22 Secondly, subsequent to 17 July 2007, notwithstanding the request to change all invoices dated after 1 June 2007, the defendant nevertheless lodged a proof of debt seeking payment of the same amounts from the administrators. This is conduct inconsistent with the novation asserted.
23 On a final hearing it may be that the defendant is able to establish a novation. However, to satisfy the court that there is a genuine dispute as to the existence or amount of the debt to which a demand relates, the plaintiff need only show one issue having a sufficient degree of cogency to be arguable. The test is not a difficult or demanding one. The court does not embark upon any extended enquiry. The court does not also seek to resolve competing claims but to determine whether the claim is made in good faith, which means arguable on the basis of the fact asserted with sufficient particularity to enable the court to determine that the claim is not fanciful. See, for example, Barclay Nominees Pty Ltd v Belle Property East Pty Ltd [2001] NSWSC 743 per Palmer J, and Solarite Air Conditioning v York International Australia Pty Ltd [2002] NSWSC 411 at [23] per Barrett J.

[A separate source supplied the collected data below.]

(* Assume $B$ is non-decreasing and unbounded. Then $H$ is local $\delta$-admissible on $\mathcal{X}$ with $\delta(t)=1/\sqrt{B(t)}$; that is, for every $\varepsilon>0$ there exist $\eta>0$ and $t_0(\varepsilon)$ such that for all $t\in\mathcal{X}$ with $t>t_0(\varepsilon)$ and all complex $w$ with $|w|\le\eta/\sqrt{B(t)}$, \[ \log\frac{H(t+w)}{H(t)}=wA(t)+\tfrac12w^2B(t)+h_t(w),\qquad |h_t(w)|\le\varepsilon|w|^2B(t). \]
   Context: Let $G(z)=\sum_{n\ge0}a_n^2z^n$ be an entire function with $a_n\ge0$, infinitely many non-zero. Put $H(t)=G(e^t)$, $A=H'/H$, $B=A'$. Choose points $t_\ell\uparrow\infty$ with $B(t_\ell)=\ell^6$ (for all $\ell$ for which this is possible) and $T_\ell=[t_\ell,t_{\ell+1}]$; $T_\ell$ is long if $t_{\ell+1}-t_\ell\ge8/\ell^2$, with interior $\mathring T_\ell=[t_\ell+2/\ell^2,\,t_{\ell+1}-2/\ell^2]$. The set of normal values is $\mathcal{X}=\bigcup_{T_\ell\text{ long}}\mathring T_\ell$. The logarithm is the branch analytic in $w$ and vanishing at $w=0$. *)

From Stdlib Require Import Reals.
From Coquelicot Require Import Coquelicot.
Open Scope R_scope.

Definition Cexp (z : C) : C := (exp (Re z) * cos (Im z), exp (Re z) * sin (Im z)).

Definition coefG (a : nat -> R) : nat -> R := fun n => (a n) ^ 2.
Definition Hf (a : nat -> R) (t : R) : R := PSeries (coefG a) (exp t).
Definition Af (a : nat -> R) (t : R) : R := Derive (Hf a) t / Hf a t.
Definition Bf (a : nat -> R) (t : R) : R := Derive (Af a) t.

Definition is_long (tl : nat -> R) (l : nat) : Prop :=
  tl (S l) - tl l >= 8 / (INR l) ^ 2.

Definition in_interior (tl : nat -> R) (l : nat) (t : R) : Prop :=
  tl l + 2 / (INR l) ^ 2 <= t <= tl (S l) - 2 / (INR l) ^ 2.

(* Normal values X: union of the interiors of the long T_l, l >= l0
   (l0 is the first index for which B(t) = l^6 is solvable). *)
Definition normal_values (tl : nat -> R) (l0 : nat) (t : R) : Prop :=
  exists l, (l0 <= l)%nat /\ is_long tl l /\ in_interior tl l t.

(* Put p_n(t) = a_n^2 e^(n t) / H(t): a probability distribution on the naturals with mean
   A(t) and variance B(t).  Then H(t + w) / H(t) = e^(w A(t)) M_t(w) with
   M_t(w) = sum_n p_n(t) e^((n - A(t)) w) (weight, mgf and mgfC below).  Taylor's formula
   for e^z, whose cubic remainder is controlled by the real values M_t(1/sqrt B(t)) and
   M_t(-1/sqrt B(t)), gives |M_t(w) - 1 - w^2 B(t)/2| <= C (|w| sqrt B(t))^3, and
   log(1 + u) = u + O(|u|^2) turns this into the expansion with error eps |w|^2 B(t) as soon
   as |w| sqrt B(t) <= eta(eps).  For a normal value t in T_l we have B(t) >= l^6, so the
   window |x| <= 1/sqrt B(t) <= l^-3 stays left of t_(l+1), where B <= (l+1)^6 <= 64 B(t);
   writing log M_t(s) as a double mean-value expression in B bounds both of these values
   by e^64, uniformly in t. *)

From Stdlib Require Import Reals Lra Lia.
From Coquelicot Require Import Coquelicot.
Open Scope R_scope.

Lemma exp_le_compat (x y : R) : x <= y -> exp x <= exp y.
Proof. intros h; destruct (Req_dec x y) as [->|hne]; [lra | left; apply exp_increasing; lra]. Qed.

Lemma exp_mult_INR (n : nat) (s : R) : exp (INR n * s) = exp s ^ n.
Proof.
  induction n as [|n IH].
  - rewrite Rmult_0_l; apply exp_0.
  - rewrite S_INR, Rmult_plus_distr_r, Rmult_1_l, exp_plus, IH; simpl; ring.
Qed.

24 In my view, the plaintiff has more than met the low threshold required for applications of this nature. The material before the Court does not establish a novation (which requires completed agreement between all parties) under which the plaintiff undertook the liabilities of Events or Media to the defendant.
25 In those circumstances the statutory demand is to be set aside. I so order. The defendant is to pay the plaintiff's costs of the proceedings.